# What the exercise asks:
Across all the records, filter for lines with the word "such" and copy them.

[Collected data entries]
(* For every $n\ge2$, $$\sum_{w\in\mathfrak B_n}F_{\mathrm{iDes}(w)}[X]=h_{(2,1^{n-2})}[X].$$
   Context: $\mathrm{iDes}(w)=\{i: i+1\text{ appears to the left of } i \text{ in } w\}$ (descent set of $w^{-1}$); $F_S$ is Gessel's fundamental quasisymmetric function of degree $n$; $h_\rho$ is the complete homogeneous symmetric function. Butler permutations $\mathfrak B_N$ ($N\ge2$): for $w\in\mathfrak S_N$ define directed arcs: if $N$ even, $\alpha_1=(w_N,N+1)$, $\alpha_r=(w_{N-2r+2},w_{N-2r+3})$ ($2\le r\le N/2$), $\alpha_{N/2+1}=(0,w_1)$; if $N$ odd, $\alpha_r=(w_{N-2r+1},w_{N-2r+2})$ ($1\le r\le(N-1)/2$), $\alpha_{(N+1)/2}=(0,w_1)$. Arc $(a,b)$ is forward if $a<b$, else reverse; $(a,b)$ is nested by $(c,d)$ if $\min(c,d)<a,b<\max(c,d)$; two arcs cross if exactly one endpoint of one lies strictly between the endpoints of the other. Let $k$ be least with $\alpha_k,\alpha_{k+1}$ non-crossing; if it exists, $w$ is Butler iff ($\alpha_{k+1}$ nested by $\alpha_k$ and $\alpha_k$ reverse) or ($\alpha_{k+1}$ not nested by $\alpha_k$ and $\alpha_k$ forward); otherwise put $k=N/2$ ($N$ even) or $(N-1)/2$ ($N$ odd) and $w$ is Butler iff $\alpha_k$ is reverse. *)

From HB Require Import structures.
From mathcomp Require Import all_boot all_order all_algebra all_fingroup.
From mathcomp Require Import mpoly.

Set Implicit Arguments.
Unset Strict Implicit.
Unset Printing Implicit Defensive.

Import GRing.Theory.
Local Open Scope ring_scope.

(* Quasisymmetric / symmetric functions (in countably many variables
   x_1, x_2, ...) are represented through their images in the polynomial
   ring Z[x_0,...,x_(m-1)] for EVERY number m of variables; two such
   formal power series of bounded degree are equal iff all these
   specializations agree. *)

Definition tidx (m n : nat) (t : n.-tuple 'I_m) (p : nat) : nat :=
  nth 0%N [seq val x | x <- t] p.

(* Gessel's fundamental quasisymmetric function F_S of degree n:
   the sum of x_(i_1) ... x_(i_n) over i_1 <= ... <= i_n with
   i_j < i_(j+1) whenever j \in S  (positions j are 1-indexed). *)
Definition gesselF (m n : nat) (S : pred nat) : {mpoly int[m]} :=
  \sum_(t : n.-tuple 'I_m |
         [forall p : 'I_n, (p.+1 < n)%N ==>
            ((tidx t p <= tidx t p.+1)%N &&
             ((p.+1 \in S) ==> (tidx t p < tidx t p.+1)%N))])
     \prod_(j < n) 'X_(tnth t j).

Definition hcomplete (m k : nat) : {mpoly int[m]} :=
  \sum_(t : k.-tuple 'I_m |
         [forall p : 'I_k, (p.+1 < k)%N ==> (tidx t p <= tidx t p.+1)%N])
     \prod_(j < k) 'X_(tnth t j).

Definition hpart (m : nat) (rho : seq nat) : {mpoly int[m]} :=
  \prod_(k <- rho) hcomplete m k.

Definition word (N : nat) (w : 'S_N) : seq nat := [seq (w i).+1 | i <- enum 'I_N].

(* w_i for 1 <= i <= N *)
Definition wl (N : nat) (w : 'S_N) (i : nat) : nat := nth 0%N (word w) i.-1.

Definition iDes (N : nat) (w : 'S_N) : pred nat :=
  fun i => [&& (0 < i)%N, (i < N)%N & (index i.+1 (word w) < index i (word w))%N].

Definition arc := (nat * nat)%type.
* * *
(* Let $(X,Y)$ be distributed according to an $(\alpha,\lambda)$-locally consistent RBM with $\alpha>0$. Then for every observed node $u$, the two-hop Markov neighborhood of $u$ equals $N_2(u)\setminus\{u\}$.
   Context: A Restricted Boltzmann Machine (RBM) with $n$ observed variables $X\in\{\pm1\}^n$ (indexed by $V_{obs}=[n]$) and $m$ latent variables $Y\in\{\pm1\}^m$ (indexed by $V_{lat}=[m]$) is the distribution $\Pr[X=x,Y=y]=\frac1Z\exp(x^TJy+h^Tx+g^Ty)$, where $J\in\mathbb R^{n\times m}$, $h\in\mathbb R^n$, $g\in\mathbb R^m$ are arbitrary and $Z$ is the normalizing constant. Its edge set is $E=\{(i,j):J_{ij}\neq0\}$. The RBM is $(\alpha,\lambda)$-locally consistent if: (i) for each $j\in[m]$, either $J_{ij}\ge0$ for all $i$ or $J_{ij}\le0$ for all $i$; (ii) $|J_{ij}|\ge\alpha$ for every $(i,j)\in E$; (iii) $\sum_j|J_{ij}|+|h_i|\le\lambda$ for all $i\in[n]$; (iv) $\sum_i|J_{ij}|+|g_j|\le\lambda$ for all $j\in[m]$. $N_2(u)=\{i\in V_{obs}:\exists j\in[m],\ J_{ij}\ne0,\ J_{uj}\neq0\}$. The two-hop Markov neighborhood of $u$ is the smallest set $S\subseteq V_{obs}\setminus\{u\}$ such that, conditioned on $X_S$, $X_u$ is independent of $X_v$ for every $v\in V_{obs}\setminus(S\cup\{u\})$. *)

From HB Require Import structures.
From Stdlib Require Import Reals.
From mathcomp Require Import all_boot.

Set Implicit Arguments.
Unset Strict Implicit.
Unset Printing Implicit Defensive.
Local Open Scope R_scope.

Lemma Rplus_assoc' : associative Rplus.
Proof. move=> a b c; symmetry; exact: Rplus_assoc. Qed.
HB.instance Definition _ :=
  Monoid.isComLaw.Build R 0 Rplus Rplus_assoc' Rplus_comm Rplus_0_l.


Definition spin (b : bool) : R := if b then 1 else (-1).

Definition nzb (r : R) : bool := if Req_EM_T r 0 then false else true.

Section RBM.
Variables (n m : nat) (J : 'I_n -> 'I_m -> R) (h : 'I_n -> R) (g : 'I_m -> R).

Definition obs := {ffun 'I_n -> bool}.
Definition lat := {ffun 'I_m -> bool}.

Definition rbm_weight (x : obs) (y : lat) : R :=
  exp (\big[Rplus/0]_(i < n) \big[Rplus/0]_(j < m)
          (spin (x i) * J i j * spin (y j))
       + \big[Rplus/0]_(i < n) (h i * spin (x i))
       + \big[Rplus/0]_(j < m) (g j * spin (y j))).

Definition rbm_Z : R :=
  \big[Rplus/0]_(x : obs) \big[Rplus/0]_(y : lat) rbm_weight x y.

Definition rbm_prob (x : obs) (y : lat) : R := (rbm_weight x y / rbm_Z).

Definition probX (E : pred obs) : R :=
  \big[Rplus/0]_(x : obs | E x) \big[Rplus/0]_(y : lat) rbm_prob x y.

# Solution for this problem:
   ring Z[x_0,...,x_(m-1)] for EVERY number m of variables; two such
   Context: A Restricted Boltzmann Machine (RBM) with $n$ observed variables $X\in\{\pm1\}^n$ (indexed by $V_{obs}=[n]$) and $m$ latent variables $Y\in\{\pm1\}^m$ (indexed by $V_{lat}=[m]$) is the distribution $\Pr[X=x,Y=y]=\frac1Z\exp(x^TJy+h^Tx+g^Ty)$, where $J\in\mathbb R^{n\times m}$, $h\in\mathbb R^n$, $g\in\mathbb R^m$ are arbitrary and $Z$ is the normalizing constant. Its edge set is $E=\{(i,j):J_{ij}\neq0\}$. The RBM is $(\alpha,\lambda)$-locally consistent if: (i) for each $j\in[m]$, either $J_{ij}\ge0$ for all $i$ or $J_{ij}\le0$ for all $i$; (ii) $|J_{ij}|\ge\alpha$ for every $(i,j)\in E$; (iii) $\sum_j|J_{ij}|+|h_i|\le\lambda$ for all $i\in[n]$; (iv) $\sum_i|J_{ij}|+|g_j|\le\lambda$ for all $j\in[m]$. $N_2(u)=\{i\in V_{obs}:\exists j\in[m],\ J_{ij}\ne0,\ J_{uj}\neq0\}$. The two-hop Markov neighborhood of $u$ is the smallest set $S\subseteq V_{obs}\setminus\{u\}$ such that, conditioned on $X_S$, $X_u$ is independent of $X_v$ for every $v\in V_{obs}\setminus(S\cup\{u\})$. *)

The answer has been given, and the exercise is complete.